Lemma same_orbit_sym x y : same_orbit x y -> same_orbit y x.
Proof.
case=> g Gg <-; have GgT : inG (g.1^T, g.2^T) by case: Gg; split; apply: SO3_tr.
exists (g.1^T, g.2^T) => //; rewrite act_mul //.
case: Gg => [[-> _] [-> _]]; rewrite /act invmx1 !mul1mx mulmx1; by case: x => [[]].
Qed.

Lemma same_orbit_trans x y z : same_orbit x y -> same_orbit y z -> same_orbit x z.
Proof.
move=> [g Gg <-] [h Gh <-]; exists (h.1 *m g.1, h.2 *m g.2); last by rewrite act_mul.
by case: Gg Gh => ? ? [? ?]; split; apply: SO3_mul.
Qed.

Lemma pinvE i x : pinv i x = pinv3 i (pv x) (pw x) (pC x).
Proof. by []. Qed.

Lemma pinv_act g x i : inG g -> pinv i (act g x) = pinv i x.
Proof.
move=> Gg; rewrite !pinvE actE //; case: Gg => [[g1O d1] [g2O d2]].
rewrite /pinv3 /pv /pw /pC /=; case: (val i) => [|[|[|[|?]]]].
- exact: dot_orth.
- exact: dot_orth.
- by rewrite -!mulmxA (mulmxA g.1^T) g1O mul1mx dot_orth.
- rewrite !trmx_mul trmxK !mulmxA -(mulmxA _ g.2^T) g2O mulmx1 mxtrace_mulC.
  by rewrite !mulmxA g1O mul1mx.
- by rewrite (det_mulmx (g.2 *m x.2)) det_mulmx det_tr d1 d2 mul1r mulr1.
Qed.

Lemma pinv_same_orbit x y i : same_orbit x y -> pinv i x = pinv i y.
Proof. by case=> g Gg <-; rewrite pinv_act. Qed.

End Orbits.

Section NormalForms.
Variable R : realType.
Local Notation C := (complex R).
Implicit Types (g : 'M[C]_3 * 'M[C]_3) (x y : pt R).

Lemma pt_eta x : x = (pv x, pw x, pC x).
Proof. by case: x => [[]]. Qed.

Definition disc_pt x := disc (pv x) (pw x) (pC x).

Lemma disc_ptE x : disc_pt x = disc_of (fun i => pinv i x).
Proof. by []. Qed.

Lemma disc_pt_pinv x y : (forall i, pinv i x = pinv i y) -> disc_pt x = disc_pt y.
Proof. by move=> xy; rewrite !disc_ptE /disc_of !xy. Qed.

Lemma disc_pt_act g x : inG g -> disc_pt (act g x) = disc_pt x.
Proof. by move=> Gg; apply: disc_pt_pinv => i; apply: pinv_act. Qed.

Lemma disc_pt_neq0 x : disc_pt x != 0 -> pinv 0 x != 0 /\ pinv 1 x != 0.
Proof.
by rewrite disc_ptE /disc_of /= => dx; split; apply: contraNneq dx => ->; apply/eqP; ring.
Qed.

Definition cov_vanish x :=
  covw (pv x) (pw x) (pC x) = 0 /\ covv (pv x) (pw x) (pC x) = 0.

Lemma cov_vanish_act g x : inG g -> cov_vanish x -> cov_vanish (act g x).
Proof.
move=> Gg [cw cv]; rewrite actE //; case: Gg => [[g1O _] [g2O _]].
by rewrite /cov_vanish /= covw_orth // covv_orth // cw cv !mulmx0.
Qed.

(* X-states in conformal coordinates: the upper 2x2 block of C is
   a I + b J + c K + d K J with J = [[0, -1], [1, 0]] and K = diag(1, -1). *)
Definition nf (s r a b c d e : C) : pt R :=
  (cv3 0 0 s, cv3 0 0 r, mk3 (a + c) (d - b) 0 (b + d) (a - c) 0 0 0 e).

Lemma X0_nf s r a b c d e : X0 (nf s r a b c d e).
Proof.
rewrite /X0 /pv /pw /pC /=; do !split; try by mx3E.
by apply: ord3_ind; apply: ord3_ind; mx3E.
Qed.

Lemma cov_vanish_nf s r a b c d e : cov_vanish (nf s r a b c d e).
Proof. by split; mx3_entrywise; rewrite /covw /covv; mx3E; ring. Qed.

Lemma block_nf s r (M : 'M[C]_3) : M 0 2 = 0 -> M 1 2 = 0 -> M 2 0 = 0 -> M 2 1 = 0 ->
  (cv3 0 0 s, cv3 0 0 r, M) =
  nf s r ((M 0 0 + M 1 1) / 2%:R) ((M 1 0 - M 0 1) / 2%:R)
         ((M 0 0 - M 1 1) / 2%:R) ((M 1 0 + M 0 1) / 2%:R) (M 2 2).
Proof.
have two0 : (2%:R : C) != 0 by rewrite pnatr_eq0.
move=> M02 M12 M20 M21; congr (_, _, _); mx3_entrywise; mx3E; rewrite ?M02 ?M12 ?M20 ?M21 //.
all: by field.
Qed.

Lemma X0_nfP x : X0 x -> exists s r a b c d e, x = nf s r a b c d e.
Proof.
move=> [v0 [v1 [w0 [w1 M0]]]].
have -> : x = (cv3 0 0 (pv x 2 0), cv3 0 0 (pw x 2 0), pC x).
  by rewrite {1}(pt_eta x); congr (_, _, _); mx3_entrywise; mx3E; rewrite ?v0 ?v1 ?w0 ?w1.
by rewrite block_nf ?(M0 2 0) ?(M0 2 1) ?(M0 0 2) ?(M0 1 2) //; do 7!eexists.
Qed.

Lemma pinv_nf s r a b c d e (A := a ^+ 2 + b ^+ 2) (B := c ^+ 2 + d ^+ 2) :
  [/\ pinv 0 (nf s r a b c d e) = s ^+ 2, pinv 1 (nf s r a b c d e) = r ^+ 2,
      pinv 2 (nf s r a b c d e) = s * r * e,
      pinv 3 (nf s r a b c d e) = 2%:R * (A + B) + e ^+ 2
    & pinv 4 (nf s r a b c d e) = e * (A - B)].
Proof. by rewrite /A /B; split; rewrite pinvE /pinv3 /=; mx3E; ring. Qed.

Lemma disc_nf s r a b c d e : disc_pt (nf s r a b c d e) =
  16%:R * e ^+ 3 * (s * r) ^+ 9 * (a ^+ 2 + b ^+ 2) * (c ^+ 2 + d ^+ 2).
Proof.
have [p0 p1 p2 p3 p4] := pinv_nf s r a b c d e.
by rewrite disc_ptE /disc_of /= p0 p1 p2 p3 p4; ring.
Qed.

Lemma cov_vanish_block s r (M : 'M[C]_3) : s != 0 -> r != 0 ->
  cov_vanish (cv3 0 0 s, cv3 0 0 r, M) -> [/\ M 0 2 = 0, M 1 2 = 0, M 2 0 = 0 & M 2 1 = 0].
Proof.
move=> s0 r0 [/matrixP cw /matrixP cv].
have rrs : r * r * s != 0 by rewrite !mulf_neq0.
have ssr : s * s * r != 0 by rewrite !mulf_neq0.
have cancel k (m : C) : k != 0 -> m * k = 0 -> m = 0.
  by move=> k0 /eqP; rewrite mulf_eq0 (negbTE k0) orbF => /eqP.
split; [apply: (cancel _ _ rrs) | apply: (cancel _ _ rrs)
       | apply: (cancel _ _ ssr) | apply: (cancel _ _ ssr)].
- by move: (cw 0 0); rewrite /covw /=; mx3E; move=> <-; ring.
- by move: (cw 1 0); rewrite /covw /=; mx3E; move=> <-; ring.
- by move: (cv 0 0); rewrite /covv /=; mx3E; move=> <-; ring.
- by move: (cv 1 0); rewrite /covv /=; mx3E; move=> <-; ring.
Qed.

Lemma cov_vanish_same_orbit_nf x : cov_vanish x -> pinv 0 x != 0 -> pinv 1 x != 0 ->
  exists a b c d e, same_orbit x (nf (sqrtc (pinv 0 x)) (sqrtc (pinv 1 x)) a b c d e).
Proof.
move=> cx v0 w0; set s := sqrtc _; set r := sqrtc _.
have s0 : s != 0 by rewrite sqrtc_eq0.
have r0 : r != 0 by rewrite sqrtc_eq0.
have [g1 g1S g1v] := normalize_vec s0 (esym (sqr_sqrtc _)).
have [g2 g2S g2w] := normalize_vec r0 (esym (sqr_sqrtc _)).
have Gg : inG (g1, g2) by [].
have := cov_vanish_act Gg cx; rewrite actE //= g1v g2w => /cov_vanish_block.
case/(_ s0 r0) => M02 M12 M20 M21.
do 5!eexists; exists (g1, g2) => //.
by rewrite actE //= g1v g2w block_nf.
Qed.

Definition rot3 (p q : C) : 'M[C]_3 := mk3 p (- q) 0 q p 0 0 0 1.

Lemma SO3_rot3 p q : p ^+ 2 + q ^+ 2 = 1 -> SO3 (rot3 p q).
Proof.
move/eqP; rewrite -subr_eq0 => /eqP pq.
split; [mx3_entrywise|]; rewrite /rot3; mx3E;
  first [ring | by apply: (eq_of_subr_mul (c := 1) _ pq); ring].
Qed.

(* With (pa, qa) = (cos, sin) theta_v and (pb, qb) = (cos, sin) theta_w, the
   pair (a, b) turns by theta_w - theta_v and (c, d) by theta_w + theta_v. *)
Lemma act_rot3_nf pa qa pb qb s r a b c d e :
  pa ^+ 2 + qa ^+ 2 = 1 -> pb ^+ 2 + qb ^+ 2 = 1 ->
  act (rot3 pa qa, rot3 pb qb) (nf s r a b c d e) =
  nf s r ((pb * pa + qb * qa) * a - (qb * pa - pb * qa) * b)
         ((qb * pa - pb * qa) * a + (pb * pa + qb * qa) * b)
         ((pb * pa - qb * qa) * c - (qb * pa + pb * qa) * d)
         ((qb * pa + pb * qa) * c + (pb * pa - qb * qa) * d) e.
Proof.
move=> na nb; rewrite actE; last by split; apply: SO3_rot3.
by congr (_, _, _); mx3_entrywise; rewrite /rot3; mx3E; ring.
Qed.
# # # # #
§ Task details
In the listing above, find the line with "Definition disc_pt x" and the line with "(* X-states in"; output exactly those lines and all lines between them.

§ Output of the task
Definition disc_pt x := disc (pv x) (pw x) (pC x).

Lemma disc_ptE x : disc_pt x = disc_of (fun i => pinv i x).
Proof. by []. Qed.

Lemma disc_pt_pinv x y : (forall i, pinv i x = pinv i y) -> disc_pt x = disc_pt y.
Proof. by move=> xy; rewrite !disc_ptE /disc_of !xy. Qed.

Lemma disc_pt_act g x : inG g -> disc_pt (act g x) = disc_pt x.
Proof. by move=> Gg; apply: disc_pt_pinv => i; apply: pinv_act. Qed.

Lemma disc_pt_neq0 x : disc_pt x != 0 -> pinv 0 x != 0 /\ pinv 1 x != 0.
Proof.
by rewrite disc_ptE /disc_of /= => dx; split; apply: contraNneq dx => ->; apply/eqP; ring.
Qed.

Definition cov_vanish x :=
  covw (pv x) (pw x) (pC x) = 0 /\ covv (pv x) (pw x) (pC x) = 0.

Lemma cov_vanish_act g x : inG g -> cov_vanish x -> cov_vanish (act g x).
Proof.
move=> Gg [cw cv]; rewrite actE //; case: Gg => [[g1O _] [g2O _]].
by rewrite /cov_vanish /= covw_orth // covv_orth // cw cv !mulmx0.
Qed.

(* X-states in conformal coordinates: the upper 2x2 block of C is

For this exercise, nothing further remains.